Work to complete
Restate word for word the lines in the listing below, starting at the line containing "Section AvoidingHyperplane." and ending at the line containing "move=> nspan.", both included; leave out the rest.

Study material
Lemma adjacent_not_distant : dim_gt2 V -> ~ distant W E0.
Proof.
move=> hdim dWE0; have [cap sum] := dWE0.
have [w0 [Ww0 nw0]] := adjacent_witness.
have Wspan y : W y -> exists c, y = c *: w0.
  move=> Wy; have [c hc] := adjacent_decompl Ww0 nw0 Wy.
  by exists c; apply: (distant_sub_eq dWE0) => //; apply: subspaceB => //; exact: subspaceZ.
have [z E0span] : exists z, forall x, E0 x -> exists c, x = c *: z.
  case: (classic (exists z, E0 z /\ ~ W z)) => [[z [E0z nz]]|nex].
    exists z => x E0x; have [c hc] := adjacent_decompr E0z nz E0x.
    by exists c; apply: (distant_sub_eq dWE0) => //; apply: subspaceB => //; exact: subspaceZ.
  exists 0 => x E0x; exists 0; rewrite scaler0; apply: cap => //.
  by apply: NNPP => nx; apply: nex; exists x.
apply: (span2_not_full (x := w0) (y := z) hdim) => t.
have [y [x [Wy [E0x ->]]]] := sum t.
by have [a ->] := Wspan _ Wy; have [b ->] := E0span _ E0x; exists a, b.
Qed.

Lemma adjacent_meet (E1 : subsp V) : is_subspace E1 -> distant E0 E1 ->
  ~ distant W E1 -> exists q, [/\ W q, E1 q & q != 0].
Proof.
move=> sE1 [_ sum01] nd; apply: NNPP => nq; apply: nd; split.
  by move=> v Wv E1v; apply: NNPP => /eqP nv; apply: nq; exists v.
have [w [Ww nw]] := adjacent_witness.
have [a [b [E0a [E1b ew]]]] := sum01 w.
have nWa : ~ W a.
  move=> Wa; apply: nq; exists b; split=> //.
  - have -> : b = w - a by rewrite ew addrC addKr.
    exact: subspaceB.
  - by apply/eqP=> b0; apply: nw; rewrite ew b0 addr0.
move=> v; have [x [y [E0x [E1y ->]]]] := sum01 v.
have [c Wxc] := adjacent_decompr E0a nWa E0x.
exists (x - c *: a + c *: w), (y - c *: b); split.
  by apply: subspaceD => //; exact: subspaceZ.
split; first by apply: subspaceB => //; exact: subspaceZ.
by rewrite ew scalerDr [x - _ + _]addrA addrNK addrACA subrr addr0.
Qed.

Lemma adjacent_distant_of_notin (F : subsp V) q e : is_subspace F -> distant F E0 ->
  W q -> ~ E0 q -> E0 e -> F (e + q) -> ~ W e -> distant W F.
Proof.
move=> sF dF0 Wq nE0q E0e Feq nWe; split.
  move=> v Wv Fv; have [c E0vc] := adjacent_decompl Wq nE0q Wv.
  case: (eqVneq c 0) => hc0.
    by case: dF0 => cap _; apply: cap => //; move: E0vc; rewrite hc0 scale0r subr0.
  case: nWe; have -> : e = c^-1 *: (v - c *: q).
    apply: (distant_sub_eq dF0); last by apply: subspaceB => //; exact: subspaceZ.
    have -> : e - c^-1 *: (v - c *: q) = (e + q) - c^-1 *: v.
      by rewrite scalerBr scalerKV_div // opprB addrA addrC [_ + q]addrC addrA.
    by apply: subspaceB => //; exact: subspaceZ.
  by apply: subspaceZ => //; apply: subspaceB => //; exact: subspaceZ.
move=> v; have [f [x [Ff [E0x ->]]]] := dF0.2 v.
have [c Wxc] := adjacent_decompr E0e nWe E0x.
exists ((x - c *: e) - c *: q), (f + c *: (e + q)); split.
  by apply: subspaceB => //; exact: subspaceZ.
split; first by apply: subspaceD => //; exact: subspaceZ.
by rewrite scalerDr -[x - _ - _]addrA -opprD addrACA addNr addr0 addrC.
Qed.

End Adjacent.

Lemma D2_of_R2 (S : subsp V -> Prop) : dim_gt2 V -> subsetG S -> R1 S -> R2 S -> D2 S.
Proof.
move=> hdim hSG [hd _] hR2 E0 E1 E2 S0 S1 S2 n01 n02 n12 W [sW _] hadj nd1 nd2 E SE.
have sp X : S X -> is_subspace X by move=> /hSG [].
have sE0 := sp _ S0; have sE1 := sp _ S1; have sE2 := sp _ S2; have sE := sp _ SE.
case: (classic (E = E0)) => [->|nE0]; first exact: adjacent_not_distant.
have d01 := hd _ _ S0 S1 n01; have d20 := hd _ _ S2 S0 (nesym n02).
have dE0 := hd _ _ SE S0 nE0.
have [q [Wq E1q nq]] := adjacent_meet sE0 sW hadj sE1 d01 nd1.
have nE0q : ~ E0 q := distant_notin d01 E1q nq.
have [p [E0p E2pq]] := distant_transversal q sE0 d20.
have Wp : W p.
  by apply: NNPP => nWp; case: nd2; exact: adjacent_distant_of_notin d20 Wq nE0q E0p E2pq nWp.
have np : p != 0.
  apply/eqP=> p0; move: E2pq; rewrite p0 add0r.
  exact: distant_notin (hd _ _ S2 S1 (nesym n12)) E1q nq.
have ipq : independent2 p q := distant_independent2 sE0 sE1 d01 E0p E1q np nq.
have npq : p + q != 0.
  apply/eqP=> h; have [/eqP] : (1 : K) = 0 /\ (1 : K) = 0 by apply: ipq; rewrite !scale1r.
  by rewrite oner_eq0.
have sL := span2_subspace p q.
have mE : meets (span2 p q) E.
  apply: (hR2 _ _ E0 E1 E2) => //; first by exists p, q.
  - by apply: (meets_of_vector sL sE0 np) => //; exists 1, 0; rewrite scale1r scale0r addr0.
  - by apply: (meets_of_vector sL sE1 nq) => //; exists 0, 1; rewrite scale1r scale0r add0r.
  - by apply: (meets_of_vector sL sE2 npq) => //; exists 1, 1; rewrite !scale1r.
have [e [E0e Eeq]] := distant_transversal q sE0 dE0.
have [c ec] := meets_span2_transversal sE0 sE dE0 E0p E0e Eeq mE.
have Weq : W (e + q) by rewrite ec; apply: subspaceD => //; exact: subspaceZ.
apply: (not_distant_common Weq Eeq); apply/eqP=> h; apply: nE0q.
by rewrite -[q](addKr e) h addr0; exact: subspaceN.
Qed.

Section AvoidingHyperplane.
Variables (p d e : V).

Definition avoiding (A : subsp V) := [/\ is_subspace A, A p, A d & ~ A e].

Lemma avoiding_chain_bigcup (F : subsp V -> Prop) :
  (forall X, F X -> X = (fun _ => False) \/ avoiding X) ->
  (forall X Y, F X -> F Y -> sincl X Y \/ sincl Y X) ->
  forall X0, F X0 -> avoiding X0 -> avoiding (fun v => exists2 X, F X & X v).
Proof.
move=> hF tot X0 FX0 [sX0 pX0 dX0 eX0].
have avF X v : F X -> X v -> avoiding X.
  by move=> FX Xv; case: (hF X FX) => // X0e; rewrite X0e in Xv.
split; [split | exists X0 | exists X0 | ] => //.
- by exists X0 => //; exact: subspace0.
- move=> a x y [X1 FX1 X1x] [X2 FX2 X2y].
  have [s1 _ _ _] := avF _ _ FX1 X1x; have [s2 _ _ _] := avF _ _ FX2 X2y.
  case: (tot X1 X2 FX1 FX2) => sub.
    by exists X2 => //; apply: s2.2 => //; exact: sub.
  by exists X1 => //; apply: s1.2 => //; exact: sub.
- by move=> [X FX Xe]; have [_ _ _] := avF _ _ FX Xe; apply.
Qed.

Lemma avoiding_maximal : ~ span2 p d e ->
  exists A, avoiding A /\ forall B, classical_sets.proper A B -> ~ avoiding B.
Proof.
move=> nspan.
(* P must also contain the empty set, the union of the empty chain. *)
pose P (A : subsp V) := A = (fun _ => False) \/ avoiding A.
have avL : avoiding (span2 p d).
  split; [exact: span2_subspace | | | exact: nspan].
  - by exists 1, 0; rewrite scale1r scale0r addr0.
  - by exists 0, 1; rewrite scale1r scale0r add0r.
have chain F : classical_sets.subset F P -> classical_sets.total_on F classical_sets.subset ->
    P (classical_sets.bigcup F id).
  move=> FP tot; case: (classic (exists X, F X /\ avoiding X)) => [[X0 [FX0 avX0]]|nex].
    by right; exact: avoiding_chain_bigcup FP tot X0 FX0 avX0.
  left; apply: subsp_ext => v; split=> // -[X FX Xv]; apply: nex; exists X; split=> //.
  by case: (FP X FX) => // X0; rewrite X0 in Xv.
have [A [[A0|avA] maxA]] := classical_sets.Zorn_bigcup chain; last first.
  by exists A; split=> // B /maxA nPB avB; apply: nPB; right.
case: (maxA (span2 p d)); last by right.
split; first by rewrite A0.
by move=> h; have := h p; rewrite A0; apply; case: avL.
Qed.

Expected answer
Section AvoidingHyperplane.
Variables (p d e : V).

Definition avoiding (A : subsp V) := [/\ is_subspace A, A p, A d & ~ A e].

Lemma avoiding_chain_bigcup (F : subsp V -> Prop) :
  (forall X, F X -> X = (fun _ => False) \/ avoiding X) ->
  (forall X Y, F X -> F Y -> sincl X Y \/ sincl Y X) ->
  forall X0, F X0 -> avoiding X0 -> avoiding (fun v => exists2 X, F X & X v).
Proof.
move=> hF tot X0 FX0 [sX0 pX0 dX0 eX0].
have avF X v : F X -> X v -> avoiding X.
  by move=> FX Xv; case: (hF X FX) => // X0e; rewrite X0e in Xv.
split; [split | exists X0 | exists X0 | ] => //.
- by exists X0 => //; exact: subspace0.
- move=> a x y [X1 FX1 X1x] [X2 FX2 X2y].
  have [s1 _ _ _] := avF _ _ FX1 X1x; have [s2 _ _ _] := avF _ _ FX2 X2y.
  case: (tot X1 X2 FX1 FX2) => sub.
    by exists X2 => //; apply: s2.2 => //; exact: sub.
  by exists X1 => //; apply: s1.2 => //; exact: sub.
- by move=> [X FX Xe]; have [_ _ _] := avF _ _ FX Xe; apply.
Qed.

Lemma avoiding_maximal : ~ span2 p d e ->
  exists A, avoiding A /\ forall B, classical_sets.proper A B -> ~ avoiding B.
Proof.
move=> nspan.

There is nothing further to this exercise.